Exercise input —
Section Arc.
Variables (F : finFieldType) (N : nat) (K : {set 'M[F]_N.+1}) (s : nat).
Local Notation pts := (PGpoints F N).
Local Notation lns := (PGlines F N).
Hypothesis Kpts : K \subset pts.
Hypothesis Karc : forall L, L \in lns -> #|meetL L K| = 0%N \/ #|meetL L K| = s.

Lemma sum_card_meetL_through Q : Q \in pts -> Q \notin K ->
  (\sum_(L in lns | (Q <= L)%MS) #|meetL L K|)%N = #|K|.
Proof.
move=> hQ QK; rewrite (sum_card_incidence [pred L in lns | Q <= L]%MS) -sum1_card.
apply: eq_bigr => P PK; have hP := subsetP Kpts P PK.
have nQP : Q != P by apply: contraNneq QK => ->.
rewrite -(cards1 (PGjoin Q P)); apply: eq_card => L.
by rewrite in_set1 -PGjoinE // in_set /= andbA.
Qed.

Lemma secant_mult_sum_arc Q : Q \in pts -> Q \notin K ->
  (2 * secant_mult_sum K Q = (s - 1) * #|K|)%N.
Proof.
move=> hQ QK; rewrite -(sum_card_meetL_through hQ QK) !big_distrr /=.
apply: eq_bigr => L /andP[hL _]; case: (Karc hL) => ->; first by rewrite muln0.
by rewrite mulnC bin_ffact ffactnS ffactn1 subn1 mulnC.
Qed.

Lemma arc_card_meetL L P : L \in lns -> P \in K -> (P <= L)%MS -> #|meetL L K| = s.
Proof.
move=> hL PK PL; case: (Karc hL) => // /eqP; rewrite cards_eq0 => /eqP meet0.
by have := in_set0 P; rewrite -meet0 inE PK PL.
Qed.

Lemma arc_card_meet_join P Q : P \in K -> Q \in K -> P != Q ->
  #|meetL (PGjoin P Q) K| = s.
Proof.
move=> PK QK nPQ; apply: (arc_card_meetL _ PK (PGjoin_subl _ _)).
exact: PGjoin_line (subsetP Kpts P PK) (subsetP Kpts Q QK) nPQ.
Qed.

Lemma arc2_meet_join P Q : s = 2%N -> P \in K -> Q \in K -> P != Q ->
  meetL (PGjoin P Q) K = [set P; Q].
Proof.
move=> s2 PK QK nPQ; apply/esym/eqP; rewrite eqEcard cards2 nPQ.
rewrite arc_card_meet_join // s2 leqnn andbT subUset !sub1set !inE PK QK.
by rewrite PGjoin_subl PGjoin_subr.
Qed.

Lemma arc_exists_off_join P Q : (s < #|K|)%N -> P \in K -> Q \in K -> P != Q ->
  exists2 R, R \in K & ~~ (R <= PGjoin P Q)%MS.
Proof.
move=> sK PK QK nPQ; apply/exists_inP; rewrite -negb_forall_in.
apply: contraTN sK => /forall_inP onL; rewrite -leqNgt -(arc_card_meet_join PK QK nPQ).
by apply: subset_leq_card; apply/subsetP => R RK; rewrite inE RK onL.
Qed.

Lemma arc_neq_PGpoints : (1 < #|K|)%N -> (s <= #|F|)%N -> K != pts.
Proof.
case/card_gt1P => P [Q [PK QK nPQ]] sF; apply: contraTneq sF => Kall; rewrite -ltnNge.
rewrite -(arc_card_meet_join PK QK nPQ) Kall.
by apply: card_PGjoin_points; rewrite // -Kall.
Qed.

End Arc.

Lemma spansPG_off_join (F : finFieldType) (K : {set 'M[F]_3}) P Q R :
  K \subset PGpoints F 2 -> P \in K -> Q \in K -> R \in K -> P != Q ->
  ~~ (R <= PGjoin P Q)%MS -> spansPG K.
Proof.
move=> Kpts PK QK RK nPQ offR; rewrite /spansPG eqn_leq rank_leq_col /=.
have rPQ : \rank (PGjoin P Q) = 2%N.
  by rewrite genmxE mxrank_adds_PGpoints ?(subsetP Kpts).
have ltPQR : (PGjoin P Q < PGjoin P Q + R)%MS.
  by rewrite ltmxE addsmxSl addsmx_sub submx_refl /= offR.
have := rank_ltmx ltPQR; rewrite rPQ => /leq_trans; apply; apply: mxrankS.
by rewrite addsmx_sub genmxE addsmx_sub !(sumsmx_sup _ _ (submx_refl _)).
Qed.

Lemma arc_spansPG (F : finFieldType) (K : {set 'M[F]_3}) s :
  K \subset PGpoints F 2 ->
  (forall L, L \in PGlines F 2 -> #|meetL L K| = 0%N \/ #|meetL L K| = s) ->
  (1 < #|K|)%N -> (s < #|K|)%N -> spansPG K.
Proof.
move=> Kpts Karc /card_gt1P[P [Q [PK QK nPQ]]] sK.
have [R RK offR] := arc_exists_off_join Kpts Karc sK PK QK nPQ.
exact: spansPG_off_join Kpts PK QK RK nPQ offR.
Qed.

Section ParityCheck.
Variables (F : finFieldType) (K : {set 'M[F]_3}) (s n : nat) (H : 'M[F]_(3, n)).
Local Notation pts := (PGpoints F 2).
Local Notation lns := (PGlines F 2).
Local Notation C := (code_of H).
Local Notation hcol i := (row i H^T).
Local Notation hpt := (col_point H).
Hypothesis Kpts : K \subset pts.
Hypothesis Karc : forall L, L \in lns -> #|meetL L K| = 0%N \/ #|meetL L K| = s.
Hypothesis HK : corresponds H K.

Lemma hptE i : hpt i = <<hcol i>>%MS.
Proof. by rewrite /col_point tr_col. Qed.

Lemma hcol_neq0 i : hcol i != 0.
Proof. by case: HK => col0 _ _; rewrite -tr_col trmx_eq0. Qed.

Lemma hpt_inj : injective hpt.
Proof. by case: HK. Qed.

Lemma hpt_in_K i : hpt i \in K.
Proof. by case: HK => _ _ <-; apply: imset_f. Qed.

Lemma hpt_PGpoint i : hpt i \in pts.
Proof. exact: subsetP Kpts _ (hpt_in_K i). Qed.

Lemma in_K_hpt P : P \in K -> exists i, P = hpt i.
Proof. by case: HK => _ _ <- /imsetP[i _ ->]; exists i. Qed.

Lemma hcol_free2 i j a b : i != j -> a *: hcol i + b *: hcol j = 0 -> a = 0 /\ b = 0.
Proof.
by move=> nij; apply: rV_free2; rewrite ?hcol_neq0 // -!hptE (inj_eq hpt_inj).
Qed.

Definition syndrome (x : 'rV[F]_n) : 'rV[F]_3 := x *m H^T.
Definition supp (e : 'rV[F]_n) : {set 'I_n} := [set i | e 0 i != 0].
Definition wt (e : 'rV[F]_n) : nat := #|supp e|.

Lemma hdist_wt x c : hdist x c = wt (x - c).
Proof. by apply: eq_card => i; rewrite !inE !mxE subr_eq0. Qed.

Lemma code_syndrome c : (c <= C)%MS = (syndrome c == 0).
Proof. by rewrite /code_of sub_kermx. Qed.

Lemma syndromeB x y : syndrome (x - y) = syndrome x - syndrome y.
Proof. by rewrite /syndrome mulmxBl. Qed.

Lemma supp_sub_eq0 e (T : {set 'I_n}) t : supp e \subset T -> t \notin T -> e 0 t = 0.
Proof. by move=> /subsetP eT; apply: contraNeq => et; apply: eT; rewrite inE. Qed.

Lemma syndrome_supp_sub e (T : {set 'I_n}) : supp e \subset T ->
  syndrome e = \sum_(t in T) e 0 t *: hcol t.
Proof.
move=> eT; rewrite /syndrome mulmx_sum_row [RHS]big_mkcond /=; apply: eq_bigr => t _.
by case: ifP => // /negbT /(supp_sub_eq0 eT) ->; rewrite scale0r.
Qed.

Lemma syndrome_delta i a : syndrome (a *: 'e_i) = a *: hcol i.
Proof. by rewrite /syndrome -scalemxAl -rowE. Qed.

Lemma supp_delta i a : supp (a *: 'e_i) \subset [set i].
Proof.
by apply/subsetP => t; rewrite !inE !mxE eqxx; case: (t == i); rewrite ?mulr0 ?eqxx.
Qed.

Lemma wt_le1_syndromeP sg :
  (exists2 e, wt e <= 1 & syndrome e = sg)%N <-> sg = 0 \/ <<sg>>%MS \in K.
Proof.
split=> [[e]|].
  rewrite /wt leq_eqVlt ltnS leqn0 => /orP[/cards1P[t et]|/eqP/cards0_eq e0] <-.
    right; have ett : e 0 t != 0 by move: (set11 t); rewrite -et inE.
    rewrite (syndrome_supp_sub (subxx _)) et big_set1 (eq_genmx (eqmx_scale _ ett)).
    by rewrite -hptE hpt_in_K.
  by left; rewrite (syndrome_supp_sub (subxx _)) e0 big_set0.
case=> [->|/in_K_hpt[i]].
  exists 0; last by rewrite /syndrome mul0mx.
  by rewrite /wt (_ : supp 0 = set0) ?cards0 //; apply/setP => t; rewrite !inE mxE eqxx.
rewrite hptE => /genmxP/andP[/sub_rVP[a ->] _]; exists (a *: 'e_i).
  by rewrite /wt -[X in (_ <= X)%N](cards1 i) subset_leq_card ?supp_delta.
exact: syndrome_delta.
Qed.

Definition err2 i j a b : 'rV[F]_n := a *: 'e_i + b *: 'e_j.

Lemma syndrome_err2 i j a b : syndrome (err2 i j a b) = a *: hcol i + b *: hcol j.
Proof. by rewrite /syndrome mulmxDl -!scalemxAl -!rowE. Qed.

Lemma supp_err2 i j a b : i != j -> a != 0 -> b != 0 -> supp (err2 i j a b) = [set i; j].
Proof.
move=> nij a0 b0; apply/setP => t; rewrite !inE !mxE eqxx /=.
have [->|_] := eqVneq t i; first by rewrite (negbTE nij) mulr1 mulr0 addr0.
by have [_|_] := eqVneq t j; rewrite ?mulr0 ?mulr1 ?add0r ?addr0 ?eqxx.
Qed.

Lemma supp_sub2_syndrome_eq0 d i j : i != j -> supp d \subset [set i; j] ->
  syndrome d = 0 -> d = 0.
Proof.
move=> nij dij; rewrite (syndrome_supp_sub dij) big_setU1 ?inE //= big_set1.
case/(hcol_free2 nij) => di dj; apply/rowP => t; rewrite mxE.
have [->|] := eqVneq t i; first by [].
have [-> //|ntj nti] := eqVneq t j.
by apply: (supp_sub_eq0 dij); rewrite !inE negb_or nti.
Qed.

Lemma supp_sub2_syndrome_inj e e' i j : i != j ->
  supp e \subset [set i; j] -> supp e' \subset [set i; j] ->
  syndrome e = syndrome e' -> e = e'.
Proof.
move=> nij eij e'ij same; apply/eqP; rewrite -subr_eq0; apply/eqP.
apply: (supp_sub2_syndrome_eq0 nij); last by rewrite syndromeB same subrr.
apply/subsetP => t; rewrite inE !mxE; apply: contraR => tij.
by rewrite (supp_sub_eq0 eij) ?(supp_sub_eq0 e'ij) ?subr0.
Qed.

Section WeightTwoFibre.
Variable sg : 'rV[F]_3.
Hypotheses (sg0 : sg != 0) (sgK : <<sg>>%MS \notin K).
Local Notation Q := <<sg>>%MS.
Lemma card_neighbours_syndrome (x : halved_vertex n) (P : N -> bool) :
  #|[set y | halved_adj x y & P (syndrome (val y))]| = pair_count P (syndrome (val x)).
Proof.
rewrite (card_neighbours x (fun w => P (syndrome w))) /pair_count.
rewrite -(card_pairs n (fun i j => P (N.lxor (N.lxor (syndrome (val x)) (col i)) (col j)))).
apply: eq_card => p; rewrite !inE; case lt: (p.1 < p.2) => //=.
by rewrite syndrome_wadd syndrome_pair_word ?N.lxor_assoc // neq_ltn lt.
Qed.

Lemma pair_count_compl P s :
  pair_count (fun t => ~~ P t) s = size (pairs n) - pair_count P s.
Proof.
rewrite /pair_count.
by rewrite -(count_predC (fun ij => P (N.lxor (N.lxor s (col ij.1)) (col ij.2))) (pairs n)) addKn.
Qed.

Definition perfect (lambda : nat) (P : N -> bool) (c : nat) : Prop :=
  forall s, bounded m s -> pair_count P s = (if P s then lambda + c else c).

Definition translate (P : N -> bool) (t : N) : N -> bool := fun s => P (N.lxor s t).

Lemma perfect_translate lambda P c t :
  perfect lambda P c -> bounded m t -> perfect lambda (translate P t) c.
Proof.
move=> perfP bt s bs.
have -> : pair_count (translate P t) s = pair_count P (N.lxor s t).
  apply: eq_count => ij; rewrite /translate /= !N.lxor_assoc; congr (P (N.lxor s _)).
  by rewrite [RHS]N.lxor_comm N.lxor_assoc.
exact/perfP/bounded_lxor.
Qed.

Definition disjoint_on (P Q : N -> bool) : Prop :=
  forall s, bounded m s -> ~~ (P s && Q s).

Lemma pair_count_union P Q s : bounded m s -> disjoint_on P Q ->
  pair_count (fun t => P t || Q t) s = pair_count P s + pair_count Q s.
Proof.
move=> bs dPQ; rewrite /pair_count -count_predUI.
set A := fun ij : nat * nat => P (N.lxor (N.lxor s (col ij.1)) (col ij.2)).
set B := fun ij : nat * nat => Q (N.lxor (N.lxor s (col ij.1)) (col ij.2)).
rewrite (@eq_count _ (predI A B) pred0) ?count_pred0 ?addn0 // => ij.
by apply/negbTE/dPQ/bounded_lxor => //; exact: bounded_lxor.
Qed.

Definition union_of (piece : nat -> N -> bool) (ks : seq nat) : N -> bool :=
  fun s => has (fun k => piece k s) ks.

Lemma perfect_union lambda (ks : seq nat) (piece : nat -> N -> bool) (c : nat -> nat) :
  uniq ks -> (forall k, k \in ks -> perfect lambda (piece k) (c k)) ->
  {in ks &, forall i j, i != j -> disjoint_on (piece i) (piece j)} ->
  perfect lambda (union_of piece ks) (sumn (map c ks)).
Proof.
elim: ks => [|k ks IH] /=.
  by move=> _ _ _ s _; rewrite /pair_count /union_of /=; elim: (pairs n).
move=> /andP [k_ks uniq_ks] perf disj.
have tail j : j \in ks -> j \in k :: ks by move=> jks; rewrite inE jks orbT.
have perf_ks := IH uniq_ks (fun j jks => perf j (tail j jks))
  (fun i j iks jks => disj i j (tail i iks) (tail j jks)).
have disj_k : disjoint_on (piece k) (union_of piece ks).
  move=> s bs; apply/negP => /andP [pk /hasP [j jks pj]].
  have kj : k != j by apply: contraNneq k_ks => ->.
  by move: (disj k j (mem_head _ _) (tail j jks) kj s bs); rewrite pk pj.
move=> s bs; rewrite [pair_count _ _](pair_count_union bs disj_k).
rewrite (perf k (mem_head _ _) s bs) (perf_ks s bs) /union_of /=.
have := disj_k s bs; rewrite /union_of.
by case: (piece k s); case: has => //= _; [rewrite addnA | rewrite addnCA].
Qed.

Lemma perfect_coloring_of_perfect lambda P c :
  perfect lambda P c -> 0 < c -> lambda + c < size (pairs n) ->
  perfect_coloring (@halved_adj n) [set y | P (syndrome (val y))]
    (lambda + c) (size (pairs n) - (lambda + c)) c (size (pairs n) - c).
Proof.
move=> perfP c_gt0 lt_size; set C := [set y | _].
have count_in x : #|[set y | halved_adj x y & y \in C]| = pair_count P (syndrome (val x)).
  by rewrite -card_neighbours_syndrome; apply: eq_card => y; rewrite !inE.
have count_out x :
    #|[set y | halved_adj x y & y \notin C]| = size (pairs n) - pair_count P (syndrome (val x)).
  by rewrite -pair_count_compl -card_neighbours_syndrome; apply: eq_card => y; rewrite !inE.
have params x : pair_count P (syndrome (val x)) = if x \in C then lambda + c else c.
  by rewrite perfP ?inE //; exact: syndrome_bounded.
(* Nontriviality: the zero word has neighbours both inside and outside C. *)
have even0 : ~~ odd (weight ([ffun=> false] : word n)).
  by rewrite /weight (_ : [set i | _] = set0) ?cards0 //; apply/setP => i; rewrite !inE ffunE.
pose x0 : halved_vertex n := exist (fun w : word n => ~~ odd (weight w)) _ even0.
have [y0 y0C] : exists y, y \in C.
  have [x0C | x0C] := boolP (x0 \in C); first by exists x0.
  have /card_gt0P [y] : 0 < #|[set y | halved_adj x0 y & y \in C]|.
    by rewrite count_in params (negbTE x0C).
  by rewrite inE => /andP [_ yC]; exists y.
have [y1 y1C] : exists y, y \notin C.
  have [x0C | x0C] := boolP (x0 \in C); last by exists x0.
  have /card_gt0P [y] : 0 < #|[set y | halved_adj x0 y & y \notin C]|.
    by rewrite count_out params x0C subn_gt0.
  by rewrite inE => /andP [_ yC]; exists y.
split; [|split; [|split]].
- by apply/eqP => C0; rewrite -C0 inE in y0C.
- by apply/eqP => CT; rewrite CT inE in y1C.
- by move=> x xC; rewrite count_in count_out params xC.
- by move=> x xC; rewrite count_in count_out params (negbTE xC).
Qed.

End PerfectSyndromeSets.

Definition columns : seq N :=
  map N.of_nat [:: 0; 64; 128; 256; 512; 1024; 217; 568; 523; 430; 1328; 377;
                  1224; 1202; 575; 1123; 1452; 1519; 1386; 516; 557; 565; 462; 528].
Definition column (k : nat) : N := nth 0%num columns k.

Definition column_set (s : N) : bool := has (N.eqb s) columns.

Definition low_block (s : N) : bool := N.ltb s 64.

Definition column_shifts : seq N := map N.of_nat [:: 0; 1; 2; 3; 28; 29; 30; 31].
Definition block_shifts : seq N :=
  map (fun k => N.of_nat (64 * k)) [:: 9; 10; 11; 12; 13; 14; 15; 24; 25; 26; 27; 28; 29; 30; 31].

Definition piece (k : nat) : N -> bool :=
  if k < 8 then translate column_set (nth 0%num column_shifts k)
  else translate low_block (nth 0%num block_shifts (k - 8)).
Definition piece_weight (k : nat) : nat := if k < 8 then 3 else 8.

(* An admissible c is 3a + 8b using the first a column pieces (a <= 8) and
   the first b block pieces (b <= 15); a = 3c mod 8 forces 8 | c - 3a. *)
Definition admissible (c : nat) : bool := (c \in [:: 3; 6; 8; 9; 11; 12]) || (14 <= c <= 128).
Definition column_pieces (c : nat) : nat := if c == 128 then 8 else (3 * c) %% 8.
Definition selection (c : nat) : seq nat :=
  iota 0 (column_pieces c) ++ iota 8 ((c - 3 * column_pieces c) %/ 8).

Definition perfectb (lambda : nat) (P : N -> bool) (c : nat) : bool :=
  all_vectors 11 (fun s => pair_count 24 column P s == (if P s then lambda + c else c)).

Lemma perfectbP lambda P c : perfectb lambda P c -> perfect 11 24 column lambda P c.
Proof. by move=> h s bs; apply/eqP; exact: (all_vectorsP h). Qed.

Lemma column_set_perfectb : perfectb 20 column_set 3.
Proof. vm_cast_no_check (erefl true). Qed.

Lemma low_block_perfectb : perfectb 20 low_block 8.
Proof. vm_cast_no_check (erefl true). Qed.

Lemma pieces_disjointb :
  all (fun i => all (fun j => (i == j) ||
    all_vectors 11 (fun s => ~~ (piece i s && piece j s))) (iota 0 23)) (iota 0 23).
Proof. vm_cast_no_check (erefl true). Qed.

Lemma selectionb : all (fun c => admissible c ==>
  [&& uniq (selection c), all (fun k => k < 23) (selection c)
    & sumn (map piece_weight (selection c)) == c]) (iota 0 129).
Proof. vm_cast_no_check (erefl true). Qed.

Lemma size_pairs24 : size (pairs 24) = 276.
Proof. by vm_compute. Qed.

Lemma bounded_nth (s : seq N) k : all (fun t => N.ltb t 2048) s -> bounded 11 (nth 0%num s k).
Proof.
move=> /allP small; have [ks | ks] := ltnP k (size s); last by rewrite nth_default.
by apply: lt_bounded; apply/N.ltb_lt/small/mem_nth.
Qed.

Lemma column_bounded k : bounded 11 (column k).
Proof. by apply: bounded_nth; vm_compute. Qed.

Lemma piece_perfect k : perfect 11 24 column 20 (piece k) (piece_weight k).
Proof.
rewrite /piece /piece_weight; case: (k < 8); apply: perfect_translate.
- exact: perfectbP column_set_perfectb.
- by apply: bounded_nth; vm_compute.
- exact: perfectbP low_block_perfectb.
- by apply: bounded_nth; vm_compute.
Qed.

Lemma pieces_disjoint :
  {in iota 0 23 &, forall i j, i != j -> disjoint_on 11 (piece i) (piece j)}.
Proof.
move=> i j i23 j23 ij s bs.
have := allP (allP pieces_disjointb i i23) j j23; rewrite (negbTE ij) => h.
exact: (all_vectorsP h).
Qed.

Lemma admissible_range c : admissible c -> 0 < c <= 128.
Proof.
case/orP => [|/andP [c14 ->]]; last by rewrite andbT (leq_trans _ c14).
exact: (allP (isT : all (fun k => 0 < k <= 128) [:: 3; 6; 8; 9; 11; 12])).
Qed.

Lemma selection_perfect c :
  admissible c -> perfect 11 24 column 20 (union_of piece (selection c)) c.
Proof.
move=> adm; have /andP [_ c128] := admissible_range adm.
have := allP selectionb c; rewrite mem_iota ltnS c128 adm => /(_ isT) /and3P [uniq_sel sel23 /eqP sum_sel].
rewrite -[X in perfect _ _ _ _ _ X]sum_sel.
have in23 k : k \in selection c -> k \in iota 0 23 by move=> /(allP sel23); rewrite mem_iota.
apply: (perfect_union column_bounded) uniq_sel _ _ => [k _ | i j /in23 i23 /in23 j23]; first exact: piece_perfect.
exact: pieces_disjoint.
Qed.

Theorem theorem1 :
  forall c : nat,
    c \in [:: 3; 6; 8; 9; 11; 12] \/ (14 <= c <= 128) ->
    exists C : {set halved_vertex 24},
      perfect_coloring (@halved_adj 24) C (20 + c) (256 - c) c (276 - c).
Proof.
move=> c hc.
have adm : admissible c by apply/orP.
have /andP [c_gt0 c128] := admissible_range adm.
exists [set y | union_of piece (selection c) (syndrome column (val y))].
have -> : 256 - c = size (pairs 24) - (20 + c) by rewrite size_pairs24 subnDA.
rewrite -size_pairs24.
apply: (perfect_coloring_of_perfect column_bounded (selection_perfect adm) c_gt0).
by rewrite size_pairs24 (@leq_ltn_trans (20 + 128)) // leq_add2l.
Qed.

Task brief —
Return each line among the entries that holds the word "small".

Task solution —
move=> /allP small; have [ks | ks] := ltnP k (size s); last by rewrite nth_default.
by apply: lt_bounded; apply/N.ltb_lt/small/mem_nth.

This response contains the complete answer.